Christian Métairie indique que le Grand-Orly Seine Bièvre s’est rapproché d’Eau de Paris, pour bénéficier de son expertise en tant que régie publique assurant la gestion de l’eau dans la capitale. «Il ne me parait pas déraisonnable de nous donner quelques années pour étudier toutes les alternatives possibles pouvant aller de l’extension de la régie Eau de Paris à certaines villes à l’adhésion de l’EPT pour un nombre limité de villes (parmi les 24 villes du GOSB, certaines ne sont pas adhérentes du Sedif). Quoi qu’il en soit, il devra s’agir du mode de gestion le moins coûteux, le plus sécurisé et éco-responsable».

Bilan des rencontres de mi-mandat à Arcueil

Lancement d’une ressourcerie, ouverture de jardins partagés, permis de végétaliser, expérimentation d’un budget participatif de 200 000 €, démarrage de la géothermie ou encore, mise en place de tronçons limités à 30 km/h dans certains quartiers, requalification de la départementale 920, toujours à l’étude, construction d’une nouvelle structure de garde d’enfant, nouveau programme d’accession sociale à la propriété… Le maire a également détaillé les actions de la ville depuis la réélection de Daniel Breuiller en 2014, à qui Christian Métairie a succédé l’année dernière. « Pour le moment, après les trois premières rencontres avec les habitants, nous avons eu très peu de remise en cause du bilan que nous dressons. D’autant que nous remettons notre action dans un contexte de contraintes budgétaires accrues. Lors de la conception du projet, nous tablions sur un budget de fonctionnement de 30 millions d’euros par an. Or, au cours de ces trois dernières années, nous ont été appliquées les baisses de dépenses publiques du quinquennat Hollande, soit 3 millions d’euros pour la commune. Et cela ne s’arrête pas là puisque Emmanuel Macron a annoncé une baisse de 13 milliard d’euros supportée par les collectivités locales », martèle le maire.

A cela s’ajoute des incertitudes  sur l’évolution des compétences des communes à l’aube de nouvelles modifications institutionnelles. « Je crois que tous les responsables politiques s’accordent à dire que ce nouveau système mis en place par les lois Maptam et Notre ne fonctionne pas bien. Ils ont détruit les communautés d’agglomération qui avaient mis une dizaine d’année pour fonctionner de manière efficace. Je ne conteste pas qu’il faille simplifier, mais j’aimerais que l’on me prouve que la suppression du département ou du territoire va permettre de travailler plus efficacement », insiste Christian Métairie.

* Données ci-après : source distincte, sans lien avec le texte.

(* Let $f:\mathbb{R}^n\to\mathbb{R}^m$ be smooth and let $M$ be its graph in $\mathbb{R}^{n+m}$ with induced metric. Then for each $\alpha$, the Ricci operator $Rc$ and the shape operator $A^\alpha$ satisfy $$A^\alpha Rc-Rc\,A^\alpha=U^{\mu\nu}\big((\mathrm{Tr}A^\mu)R^\perp_{\nu\alpha}+R^\perp_{\alpha\mu}A^\nu+A^\mu R^\perp_{\alpha\nu}\big),$$ with summation over $\mu,\nu$.
   Context: $M=\{(x,f(x))\}$ has tangent frame $\partial_i=(e_i,f^\alpha_ie_\alpha)$, metric $g_{ij}=\delta_{ij}+f^\alpha_if^\alpha_j$, and normal vectors $\eta^\alpha=(-Df^\alpha,e_\alpha)$, $1\le\alpha\le m$. $U_{\alpha\beta}=\langle\eta^\alpha,\eta^\beta\rangle=\delta_{\alpha\beta}+\langle Df^\alpha,Df^\beta\rangle$ with inverse $U^{\alpha\beta}$. The shape operator with respect to $\eta^\alpha$ is $A^\alpha X=-(\bar\nabla_X\eta^\alpha)^\top$, i.e. $A^\alpha\partial_i=f^\alpha_{ik}g^{kj}\partial_j$. The normal curvature operators are $R^\perp_{\alpha\beta}=A^\beta A^\alpha-A^\alpha A^\beta$. The Ricci operator $Rc:TM\to TM$ is defined by $\langle Rc(X),Y\rangle=\mathrm{Ric}(X,Y)$. *)

From HB Require Import structures.
From mathcomp Require Import all_boot all_order all_algebra.
From mathcomp Require Import all_classical all_reals all_analysis.
Set Implicit Arguments.
Unset Strict Implicit.
Unset Printing Implicit Defensive.
Import Order.TTheory GRing.Theory Num.Theory.
Import numFieldNormedType.Exports.
Local Open Scope ring_scope.

(* Conventions.
   - Points of R^n are row vectors 'rV[R]_n; f : R^n -> R^m is 'rV_n -> 'rV_m,
     with component alpha : 'I_m given by  x |-> f x ord0 alpha.
   - A linear operator T on T_xM is represented in the coordinate frame
     (d_1,...,d_n) by the matrix M with  T d_j = sum_i M i j d_i
     (column convention), so composition of operators is matrix product *m
     and the trace of an operator is \tr of its matrix. *)

Section Graph.
Variables (R : realType) (n m : nat).

Definition evec (i : 'I_n) : 'rV[R]_n := delta_mx 0 i.

Definition pd (i : 'I_n) (h : 'rV[R]_n -> R) : 'rV[R]_n -> R :=
  fun x => derive h x (evec i).

Definition iter_pd (l : seq 'I_n) (h : 'rV[R]_n -> R) : 'rV[R]_n -> R :=
  foldr pd h l.

Definition smooth_fun (h : 'rV[R]_n -> R) : Prop :=
  forall (l : seq 'I_n) (x : 'rV[R]_n), differentiable (iter_pd l h) x.

Variable f : 'rV[R]_n -> 'rV[R]_m.

Definition fcomp (a : 'I_m) : 'rV[R]_n -> R := fun x => f x ord0 a.

Definition Df (a : 'I_m) (i : 'I_n) : 'rV[R]_n -> R := pd i (fcomp a).

Definition metric (i j : 'I_n) : 'rV[R]_n -> R :=
  fun x => (i == j)%:R + \sum_(a < m) Df a i x * Df a j x.

Definition gmx (x : 'rV[R]_n) : 'M[R]_n := \matrix_(i, j) metric i j x.
Definition ginv (x : 'rV[R]_n) : 'M[R]_n := invmx (gmx x).

Definition christoffel (k i j : 'I_n) : 'rV[R]_n -> R :=
  fun x => 2^-1 * \sum_(l < n) ginv x k l *
             (pd i (metric j l) x + pd j (metric i l) x - pd l (metric i j) x).

(* R(d_i,d_j)d_k = nabla_i nabla_j d_k - nabla_j nabla_i d_k = R^l_{ijk} d_l *)
Definition riem (l i j k : 'I_n) : 'rV[R]_n -> R :=
  fun x => pd i (christoffel l j k) x - pd j (christoffel l i k) x
           + \sum_(p < n) (christoffel l i p x * christoffel p j k x
                           - christoffel l j p x * christoffel p i k x).

Definition ricci (j k : 'I_n) : 'rV[R]_n -> R :=
  fun x => \sum_(i < n) riem i i j k x.

Definition Ricmx (x : 'rV[R]_n) : 'M[R]_n := \matrix_(j, k) ricci j k x.

(* Ricci operator: <Rc X, Y> = Ric(X,Y) *)
Definition Rc_op (x : 'rV[R]_n) : 'M[R]_n := ginv x *m Ricmx x.

Definition Hess (a : 'I_m) (x : 'rV[R]_n) : 'M[R]_n :=
  \matrix_(i, k) pd k (Df a i) x.

Definition shapeop (a : 'I_m) (x : 'rV[R]_n) : 'M[R]_n := ginv x *m Hess a x.

Definition Umx (x : 'rV[R]_n) : 'M[R]_m :=
  \matrix_(a, b) ((a == b)%:R + \sum_(i < n) Df a i x * Df b i x).
Definition Uinv (x : 'rV[R]_n) : 'M[R]_m := invmx (Umx x).

Definition normal_curv (a b : 'I_m) (x : 'rV[R]_n) : 'M[R]_n :=
  shapeop b x *m shapeop a x - shapeop a x *m shapeop b x.

End Graph.

From mathcomp Require Import all_boot all_order all_algebra.
From mathcomp Require Import all_classical all_reals all_analysis.
From mathcomp Require Import ring.
Import Order.TTheory GRing.Theory Num.Theory.
Import numFieldNormedType.Exports.
Local Open Scope ring_scope.
Set Implicit Arguments.
Unset Strict Implicit.
Unset Printing Implicit Defensive.

(* For a graph everything is expressed through the Jacobian D = (f^a_i), the
   metric g = 1 + D^T D and W = g^-1 D^T.  The Christoffel matrices are
   Gamma_i = W (d_i D), and differentiating g^-1 gives
   d_i W = g^-1 (d_i D)^T P - W (d_i D) W  with  P = 1 - D W = U^-1
   (push-through identity).  In R_ij = d_i Gamma_j - d_j Gamma_i + [Gamma_i, Gamma_j]
   the third derivatives cancel by the symmetry of mixed partials and the
   quadratic terms cancel against the d_i W terms, leaving the Gauss equation
   R_ij = g^-1 ((d_i D)^T P (d_j D) - (d_j D)^T P (d_i D)).  Contracting yields
   Rc = U^{ba} (Tr A^b A^a - A^b A^a), and the claimed formula is the expansion
   of [A^alpha, Rc].  The symmetry of mixed partials (Schwarz) is derived from
   the mean value theorem. *)

Section PartialDerivatives.
Variables (R : realType) (n : nat).
Implicit Types (h : 'rV[R]_n -> R) (x : 'rV[R]_n).

Lemma pdD i h1 h2 x : differentiable h1 x -> differentiable h2 x ->
  pd i (fun y => h1 y + h2 y) x = pd i h1 x + pd i h2 x.
Proof. by move=> d1 d2; rewrite /pd (deriveD (f := h1)) //; apply: diff_derivable. Qed.

Lemma pdM i h1 h2 x : differentiable h1 x -> differentiable h2 x ->
  pd i (fun y => h1 y * h2 y) x = pd i h1 x * h2 x + h1 x * pd i h2 x.
Proof.
move=> d1 d2; rewrite /pd (deriveM (f := h1)); try exact: diff_derivable.
by rewrite addrC /GRing.scale /= mulrC [h1 x * _]mulrC.
Qed.

Lemma pdV i h x : differentiable h x -> h x != 0 ->
  pd i (fun y => (h y)^-1) x = - (h x)^-2 * pd i h x.
Proof. by move=> dh hx0; rewrite /pd deriveV //; apply: diff_derivable. Qed.

Lemma pd_cst i (c : R) x : pd i (fun _ => c) x = 0.
Proof. exact: derive_cst. Qed.

Lemma pd_sum p i (F : 'I_p -> 'rV[R]_n -> R) x :
  (forall j, differentiable (F j) x) ->
  pd i (fun y => \sum_j F j y) x = \sum_j pd i (F j) x.
Proof.
move=> dF; rewrite /pd -fct_sumE derive_sum // => j; exact: diff_derivable.
Qed.

End PartialDerivatives.

Section SmoothFunctions.
Variables (R : realType) (n : nat).
Implicit Types (h : 'rV[R]_n -> R) (x : 'rV[R]_n).

Fixpoint Ck k h : Prop :=
  if k is k.+1 then (forall x, differentiable h x) /\ forall i, Ck k (pd i h)
  else True.

Lemma Ck_iter_pd l k h : Ck (k + size l) h -> Ck k (iter_pd l h).
Proof.
elim: l k => [|i l IHl] k /=; first by rewrite addn0.
by rewrite addnS -addSn => /IHl[_]; apply.
Qed.

Lemma smooth_funE h : smooth_fun h <-> forall k, Ck k h.
Proof.
split=> [hs k | hC l x]; last by have /Ck_iter_pd[] := hC (1 + size l)%N.
elim: k h hs => [//|k IHk] h hs; split=> [x | i]; first exact: (hs [::]).
by apply: IHk => l x; have := hs (rcons l i) x; rewrite /iter_pd -cats1 foldr_cat.
Qed.

Lemma smooth_fun_differentiable h x : smooth_fun h -> differentiable h x.
Proof. by move/(_ [::] x). Qed.

Lemma smooth_fun_pd i h : smooth_fun h -> smooth_fun (pd i h).
Proof. by move=> hs l x; have := hs (rcons l i) x; rewrite /iter_pd -cats1 foldr_cat. Qed.

Lemma CkW k h : Ck k.+1 h -> Ck k h.
Proof. by elim: k h => [//|k IHk] h [dh Ch]; split=> // i; apply: IHk. Qed.

Lemma Ck_cst k (c : R) : Ck k (fun _ => c).
Proof.
elim: k c => [//|k IHk] c; split=> [x | i]; first exact: differentiable_cst.
by rewrite (_ : pd i _ = fun _ => 0) //; apply/funext => x; rewrite pd_cst.
Qed.

Lemma CkD k h1 h2 : Ck k h1 -> Ck k h2 -> Ck k (fun y => h1 y + h2 y).
Proof.
elim: k h1 h2 => [//|k IHk] h1 h2 [d1 C1] [d2 C2]; split=> [x | i].
  exact: differentiableD.
rewrite (_ : pd i _ = fun y => pd i h1 y + pd i h2 y); first exact: IHk (C1 i) (C2 i).
by apply/funext => y; rewrite pdD.
Qed.

Lemma CkM k h1 h2 : Ck k h1 -> Ck k h2 -> Ck k (fun y => h1 y * h2 y).
Proof.
elim: k h1 h2 => [//|k IHk] h1 h2 C1 C2.
have [[d1 C1'] [d2 C2']] := (C1, C2); split=> [x | i].
  exact: differentiableM.
rewrite (_ : pd i _ = fun y => pd i h1 y * h2 y + h1 y * pd i h2 y).
  by apply: CkD; [exact: IHk (C1' i) (CkW C2) | exact: IHk (CkW C1) (C2' i)].
by apply/funext => y; rewrite pdM.
Qed.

Pour l’élu, ces réunions participatives de mi-mandat menées dans six quartiers d’Arcueil permettent aux habitants de débattre sur des thématiques dépassant parfois le cadre communal. «  Un tel souhaiterait plus de place de stationnement, un autre va lui répondre qu’il voudrait davantage de place pour le vélo… Se pose également la question de la présence de bornes de rechargement de voitures électriques. Certains se plaignent également du calme de la ville en soirée quand d’autre s’en satisfont. Nous ne voulions pas fixer par avance de priorités de façon à pouvoir entendre toutes les demandes.»

Une réunion plénière de synthèse se tiendra le mardi 28 novembre à 20 heures à l’hôtel de ville.